Scenes of my youth! awake its slumbering fire! Ye winds of memory, sweep the silent lyre! Ray of the past, if yet thou canst appear, Break through the clouds of Fancy's waning year; Chase from her breast the thin autumnal snow, If leaf or blossom still is fresh below! Long have I wandered; the returning tide Brought back an exile to his cradle's side; And as my bark her time-worn flag unrolled To greet the land-breeze with its faded fold, So, in remembrance of my boyhood's time, I lift these ensigns of neglected rhyme; O more than blest, that all my wanderings through, My anchor falls where first my pennons flew!

And read yet again in another place this loving tribute to the home of his childhood:

"To what small things our memory and our affections attach themselves! I remember when I was a child that one of the girls planted some Star of Bethlehem bulbs in the southwest corner of our front yard. Well, I left the paternal roof and wandered in other lands, and learned to think in the words of strange people. But after many years, as I looked in the little front yard again, it occurred to me that there used to be some Stars of Bethlehem in the southwest corner. The grass was tall there, and the blade of the plant is very much like grass, only thicker and glossier.

"Even as Tully parted the briers and brambles when he hunted for the sphere-containing cylinder that marked the grave of Archimedes, so did I comb the grass with my fingers for my monumental memorial flower. Nature had stored my keepsake tenderly in her bosom. The glossy, faintly-streaked blades were there; they are there still, though they never flower, darkened as they are by the shade of the elms and rooted in the matted turf.

"Our hearts are held down to our homes by innumerable fibres, trivial as that I have just recalled; but Gulliver was fixed to the soil, you remember, by pinning his head a hair at a time. Even a stone, with a whitish band crossing it, belonging to the pavement of the back yard, insisted on becoming one of the talismans of memory.

"This intersusception of the ideas of inanimate objects, and their faithful storing away among the sentiments, are curiously prefigured in the material structure of the thinking centre itself. In the very core of the brain, in the part where Des Cartes placed the soul, is a small mineral deposit of grape-like masses of crystalline matter.

"But the plants that come up every year in the same place, like the Stars of Bethlehem, of all the lesser objects, give me the liveliest home-feeling."

This tribute of Holmes to the grand Marseillaise is indeed one of the finest passages in a poem abounding in point and vigor, as well as in fancy and feeling. Who can read these stirring lines without a sympathetic thrill for the watching, weeping Rouget de l'Isle, composing in one night both music and words of the nameless song?

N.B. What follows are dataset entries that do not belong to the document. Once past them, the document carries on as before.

Record is_dgmod (A : algType k) (GA : nat -> A -> Prop) (dA : A -> A)
    (N : lmodType k) (GN : nat -> N -> Prop) (dN : N -> N) (act : A -> N -> N) : Prop := {
  dgm_graded : graded_decomposition GN;
  dgm_lin_l : forall x, klinear (fun a => act a x);
  dgm_lin_r : forall a, klinear (act a);
  dgm_one : forall x, act 1 x = x;
  dgm_assoc : forall a b x, act (a * b) x = act a (act b x);
  dgm_deg : forall p q a x, GA p a -> GN q x -> GN (p + q)%N (act a x);
  dgm_dlin : klinear dN;
  dgm_ddeg : forall q x, GN q x -> GN q.+1 (dN x);
  dgm_dd : forall x, dN (dN x) = 0;
  dgm_leibniz : forall p a x, GA p a ->
      dN (act a x) = act (dA a) x + sgn p *: act a (dN x)
}.

(** ** Cohomology of a cochain complex (X, G, d), presented by representatives:
    H^n = {degree n cocycles} / {degree n coboundaries}. *)
Section Cohomology.
Variables (X : lmodType k) (G : nat -> X -> Prop) (d : X -> X).

Definition cocycle (n : nat) (x : X) : Prop := G n x /\ d x = 0.

Definition coboundary (n : nat) (x : X) : Prop :=
  match n with
  | 0%N => x = 0
  | m.+1 => exists y, G m y /\ x = d y
  end.

Definition cohomologous (n : nat) (x y : X) : Prop := coboundary n (x - y).
End Cohomology.

(** f (given on representatives, degreewise) induces a well-defined, degree
    preserving, k-linear map H^*(X) -> H^*(Y) *)
Definition cohom_map (X : lmodType k) (GX : nat -> X -> Prop) (dX : X -> X)
    (Y : lmodType k) (GY : nat -> Y -> Prop) (dY : Y -> Y) (f : nat -> X -> Y) : Prop :=
  forall n,
  [/\ (forall x, cocycle GX dX n x -> cocycle GY dY n (f n x)),
      (forall x y, cocycle GX dX n x -> cocycle GX dX n y ->
          cohomologous GX dX n x y -> cohomologous GY dY n (f n x) (f n y))
    & (forall (c : k) x y, cocycle GX dX n x -> cocycle GX dX n y ->
          cohomologous GY dY n (f n (c *: x + y)) (c *: f n x + f n y))].

Definition cohom_iso (X : lmodType k) (GX : nat -> X -> Prop) (dX : X -> X)
    (Y : lmodType k) (GY : nat -> Y -> Prop) (dY : Y -> Y) (f : nat -> X -> Y) : Prop :=
  cohom_map GX dX GY dY f /\
  forall n,
  (forall x y, cocycle GX dX n x -> cocycle GX dX n y ->
      cohomologous GY dY n (f n x) (f n y) -> cohomologous GX dX n x y) /\
  (forall w, cocycle GY dY n w -> exists x, cocycle GX dX n x /\ cohomologous GY dY n (f n x) w).

(** ** Formal power series N[[t]] = nat -> N (coefficient of t^m at m) *)
Section Series.
Variables (A : algType k) (N : lmodType k) (GN : nat -> N -> Prop)
  (dN : N -> N) (act : A -> N -> N).

(** degree-n part of N[[t]]: series with all coefficients in N^n *)
Definition ser_deg (n : nat) (s : nat -> N) : Prop := forall m, GN n (s m).

Definition tmul (s : nat -> N) : nat -> N :=
  fun m => if m is m'.+1 then s m' else 0.

Definition Dt (xi : A) (s : nat -> N) : nat -> N :=
  fun m => dN (s m) + tmul (fun j => act xi (s j)) m.

Definition piser (s : nat -> N) : N := s 0%N.
(* Let $a$ and $b$ be coprime odd integers and let $\gamma$ be a positive integer such that $2^\gamma\,\|\,(a+b)$. Then: 1) For $\gamma\geq 2$, $OG_{(a,b)}(1)=\bigcup_{i=0}^{\gamma-1}\{d2^i : d\in OG_{(a,b)}(\gamma)\}$, where $OG_{(a,b)}(\gamma)=\{d\in\mathbb{N} : d=1 \text{ or } d \text{ is odd and } 2\,\|\,\operatorname{ord}_p(\tfrac ab) \text{ for every prime } p \text{ dividing } d\}$. 2) $EG_{(a,b)}(1)=\{d\in\mathbb{N} : d=1 \text{ or } d \text{ is odd and there exists } s\geq 2 \text{ such that } 2^s\,\|\,\operatorname{ord}_p(\tfrac ab) \text{ for every prime } p \text{ dividing } d\}$. 3) $OG_{(a,b)}(0)=OG_{(a,b)}(1)\cup\{2d : d\in OG_{(a,b)}(1)\}$. 4) $EG_{(a,b)}(0)=EG_{(a,b)}(1)\cup\{2d : d\in EG_{(a,b)}(1)\}$.
   Context: For coprime nonzero integers $a,b$ and an integer $\beta\geq0$, $OG_{(a,b)}(\beta)$ (resp. $EG_{(a,b)}(\beta)$) is the set of positive integers $d$ such that $2^\beta d\mid(a^k+b^k)$ for some odd integer $k\geq1$ (resp. some even integer $k\geq 2$). For $n$ coprime to $ab$, $\operatorname{ord}_n(\frac ab)$ is the multiplicative order of $ab^{-1}$ modulo $n$ (conditions on it presuppose it is defined). $2^s\,\|\,m$ means $2^s\mid m$ and $2^{s+1}\nmid m$. *)

From mathcomp Require Import all_boot all_order all_algebra.
Set Implicit Arguments. Unset Strict Implicit. Unset Printing Implicit Defensive.
Import Order.TTheory GRing.Theory Num.Theory.
Local Open Scope ring_scope.

Definition OG (a b : int) (beta : nat) (d : nat) : Prop :=
  (0 < d)%N /\ exists k : nat, odd k /\ ((2 ^ beta * d)%N%:Z %| a ^+ k + b ^+ k)%Z.

Definition EG (a b : int) (beta : nat) (d : nat) : Prop :=
  (0 < d)%N /\ exists k : nat, ~~ odd k /\ (2 <= k)%N /\
    ((2 ^ beta * d)%N%:Z %| a ^+ k + b ^+ k)%Z.

(* ord_is a b n k : n is coprime to ab (so ord_n(a/b) is defined) and k is the
   multiplicative order of a b^{-1} modulo n, i.e. the least k >= 1 with
   (a b^{-1})^k = 1 mod n, equivalently n | a^k - b^k. *)
Definition ord_is (a b : int) (n k : nat) : Prop :=
  coprimez n%:Z (a * b) /\ (0 < k)%N /\ (n%:Z %| a ^+ k - b ^+ k)%Z /\
  forall j : nat, (0 < j)%N -> (j < k)%N -> ~ (n%:Z %| a ^+ j - b ^+ j)%Z.

Definition exact2 (s m : nat) : Prop := (2 ^ s %| m)%N /\ ~ (2 ^ s.+1 %| m)%N.

Definition ord_exact2 (a b : int) (n s : nat) : Prop :=
  exists k : nat, ord_is a b n k /\ exact2 s k.

(* For odd k, a^k + b^k = (a + b) S with S = k a^(k-1) modulo a + b, so S is
   odd and the 2-adic valuation of a^k + b^k is that of a + b; for even k,
   a^k + b^k = 2 (mod 4).  This determines the 2-parts of all four sets.
   An odd prime p divides a^k + b^k exactly when ord_p(a/b) divides 2k but not
   k, which pins the 2-adic valuation of the order to v_2(k) + 1.  Conversely,
   if every prime divisor of an odd d has an order of 2-adic valuation s, each
   divides a^(2^(s-1) m) + b^(2^(s-1) m) for some odd m; multiplying these odd
   exponents together and climbing prime powers with p (x + y) | x^p + y^p
   gives a single odd m that works for all of d. *)

From mathcomp Require Import all_boot all_order all_algebra.
From mathcomp Require Import zify ring.

Set Implicit Arguments.
Unset Strict Implicit.
Unset Printing Implicit Defensive.

Import Order.TTheory GRing.Theory Num.Theory.
Local Open Scope ring_scope.

Lemma subrX_cofactor (x y : int) n :
  exists2 S, x ^+ n - y ^+ n = (x - y) * S & (x - y %| S - n%:Z * x ^+ n.-1)%Z.
Proof.
exists (\sum_(i < n) x ^+ (n.-1 - i) * y ^+ i); first exact: subrXX.
have -> : n%:Z * x ^+ n.-1 = \sum_(i < n) x ^+ (n.-1 - i) * x ^+ i.
  rewrite (eq_bigr (fun=> x ^+ n.-1)) => [|i _]; last first.
    by rewrite -exprD subnK // -ltnS prednK // (leq_trans _ (ltn_ord i)).
  by rewrite sumr_const card_ord -natz mulr_natl.
rewrite -sumrB; apply: rpred_sum => i _.
by rewrite -mulrBr dvdz_mull // -opprB rpredN subrXX dvdz_mulr.
Qed.

Lemma addrX_oddE (x y : int) n : odd n -> x ^+ n + y ^+ n = x ^+ n - (- y) ^+ n.
Proof. by move=> n_odd; rewrite exprNn -signr_odd n_odd expr1 mulN1r opprK. Qed.

Lemma dvdz_addrX_odd (x y : int) n : odd n -> (x + y %| x ^+ n + y ^+ n)%Z.
Proof.
move=> n_odd; have [S E _] := subrX_cofactor x (- y) n.
by rewrite addrX_oddE // E opprK dvdz_mulr.
Qed.

Lemma dvdz_mul_addrX_odd (x y : int) n : odd n -> (n%:Z %| x + y)%Z ->
  (n%:Z * (x + y) %| x ^+ n + y ^+ n)%Z.
Proof.
move=> n_odd n_dvd; have [S E S_mod] := subrX_cofactor x (- y) n.
rewrite opprK in S_mod; rewrite addrX_oddE // E opprK mulrC dvdz_mul //.
rewrite -(subrK (n%:Z * x ^+ n.-1) S) rpredD ?dvdz_mulr //.
exact: dvdz_trans n_dvd S_mod.
Qed.

Lemma dvdz_subrX_dvdn (x y d : int) t j : (t %| j)%N ->
  (d %| x ^+ t - y ^+ t)%Z -> (d %| x ^+ j - y ^+ j)%Z.
Proof. by move=> /dvdnP[c ->] d_dvd; rewrite mulnC !exprM subrXX dvdz_mulr. Qed.

Lemma prime_dvdzM (p : nat) (x y : int) : prime p ->
  (p%:Z %| x * y)%Z = (p%:Z %| x)%Z || (p%:Z %| y)%Z.
Proof. by move=> p_pr; rewrite !dvdzE abszM Euclid_dvdM. Qed.

Lemma prime_dvdzX (p : nat) (x : int) n : prime p -> (0 < n)%N ->
  (p%:Z %| x ^+ n)%Z = (p%:Z %| x)%Z.
Proof. by move=> p_pr n_gt0; rewrite !dvdzE abszX Euclid_dvdX // n_gt0 andbT. Qed.

Lemma prime_coprimez (p : nat) (x : int) : prime p ->
  coprimez p%:Z x = ~~ (p%:Z %| x)%Z.
Proof. by move=> p_pr; rewrite coprimezE prime_coprime. Qed.

Lemma dvdz_addrX_odd_exponent (x y : int) (d : nat) : odd d ->
  (forall p, prime p -> (p %| d)%N -> exists2 m, odd m & (p%:Z %| x ^+ m + y ^+ m)%Z) ->
  exists2 k, odd k & (d%:Z %| x ^+ k + y ^+ k)%Z.
Proof.
elim/ltn_ind: d => d IH d_odd d_primes.
have [d_gt1|d_le1] := ltnP 1 d; last first.
  have -> : d = 1%N by case: d d_le1 d_odd {IH d_primes} => [|[]].
  by exists 1%N; rewrite ?dvd1z.
have [p p_pr p_dvd] := pdivP d_gt1; have [c Ed] := dvdnP p_dvd.
have p_odd : odd p by apply: dvdn_odd p_dvd d_odd.
have c_dvd : (c %| d)%N by rewrite Ed dvdn_mulr.
have c_gt0 : (0 < c)%N by move: d_gt1; rewrite Ed lt0n; apply: contraTneq => ->.
have [kc kc_odd c_dvd_sum] : exists2 k, odd k & (c%:Z %| x ^+ k + y ^+ k)%Z.
  apply: IH; first by rewrite Ed ltn_Pmulr ?prime_gt1.
    exact: dvdn_odd c_dvd d_odd.
  by move=> q q_pr q_dvd; apply: d_primes q_pr (dvdn_trans q_dvd c_dvd).
have [kp kp_odd p_dvd_sum] := d_primes p p_pr p_dvd.
set X := x ^+ (kc * kp); set Y := y ^+ (kc * kp).
have c_dvdXY : (c%:Z %| X + Y)%Z.
  by rewrite /X /Y !exprM (dvdz_trans c_dvd_sum) ?dvdz_addrX_odd.
have p_dvdXY : (p%:Z %| X + Y)%Z.
  by rewrite /X /Y mulnC !exprM (dvdz_trans p_dvd_sum) ?dvdz_addrX_odd.
exists (kc * kp * p)%N; first by rewrite !oddM kc_odd kp_odd p_odd.
rewrite Ed PoszM mulrC !(exprM _ (kc * kp)) -/X -/Y.
exact: dvdz_trans (dvdz_mul (dvdzz _) c_dvdXY) (dvdz_mul_addrX_odd p_odd p_dvdXY).
Qed.

Lemma exact2_pow2_dvdn s m j : exact2 s m -> (2 ^ j %| m)%N = (j <= s)%N.
Proof.
move=> [s_dvd s1_ndvd]; case: leqP => [j_le|s_lt].
  exact: dvdn_trans (dvdn_exp2l 2 j_le) s_dvd.
by apply/negbTE/negP => j_dvd; apply/s1_ndvd/(dvdn_trans _ j_dvd); rewrite dvdn_exp2l.
Qed.

Lemma exact2_mulr_odd s m n : odd n -> exact2 s m -> exact2 s (m * n).
Proof.
move=> n_odd [s_dvd s1_ndvd]; split; first exact: dvdn_mulr.
by rewrite Gauss_dvdl // coprimeXl // coprime2n.
Qed.

Lemma exact2_dvdn_odd s m d : exact2 s m -> (2 ^ s * d %| m)%N -> odd d.
Proof.
move=> m_exact d_dvd; apply: contraFT (ltnn s) => d_even.
rewrite -(exact2_pow2_dvdn s.+1 m_exact); apply: dvdn_trans d_dvd.
by rewrite expnSr dvdn_pmul2l ?expn_gt0 // dvdn2.
Qed.

Lemma dvdn_pow2_mul_odd s m d : odd d -> (2 ^ s %| m)%N ->
  (2 ^ s * d %| m)%N = (d %| m)%N.
Proof. by move=> d_odd s_dvd; rewrite Gauss_dvd ?s_dvd // coprimeXl // coprime2n. Qed.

The city slept beneath the moonbeam's glance, Her white walls gleaming through the vines of France, And all was hushed save where the footsteps fell On some high tower, of midnight sentinel. But one still watched; no self-encircled woes Chased from his lids the angel of repose; He watched, he wept, for thoughts of bitter years Bowed his dark lashes, wet with burning tears; His country's sufferings and her children's shame Streamed o'er his memory like a forest's flame, Each treasured insult, each remembered wrong, Rolled through his heart and kindled into song; His taper faded; and the morning gales Swept through the world the war song of Marseilles!

Since the lyric dress Relieves the statelier with its sprightliness,

"Extremely youthful in his appearance, bubbling over with the mingled humor and pathos that have always marked his poetry, and sparkling with the coruscations of his peculiar genius, he delivered the poem with a clear, ringing enunciation which imparted to the hearers his own enjoyment of his thoughts and expressions."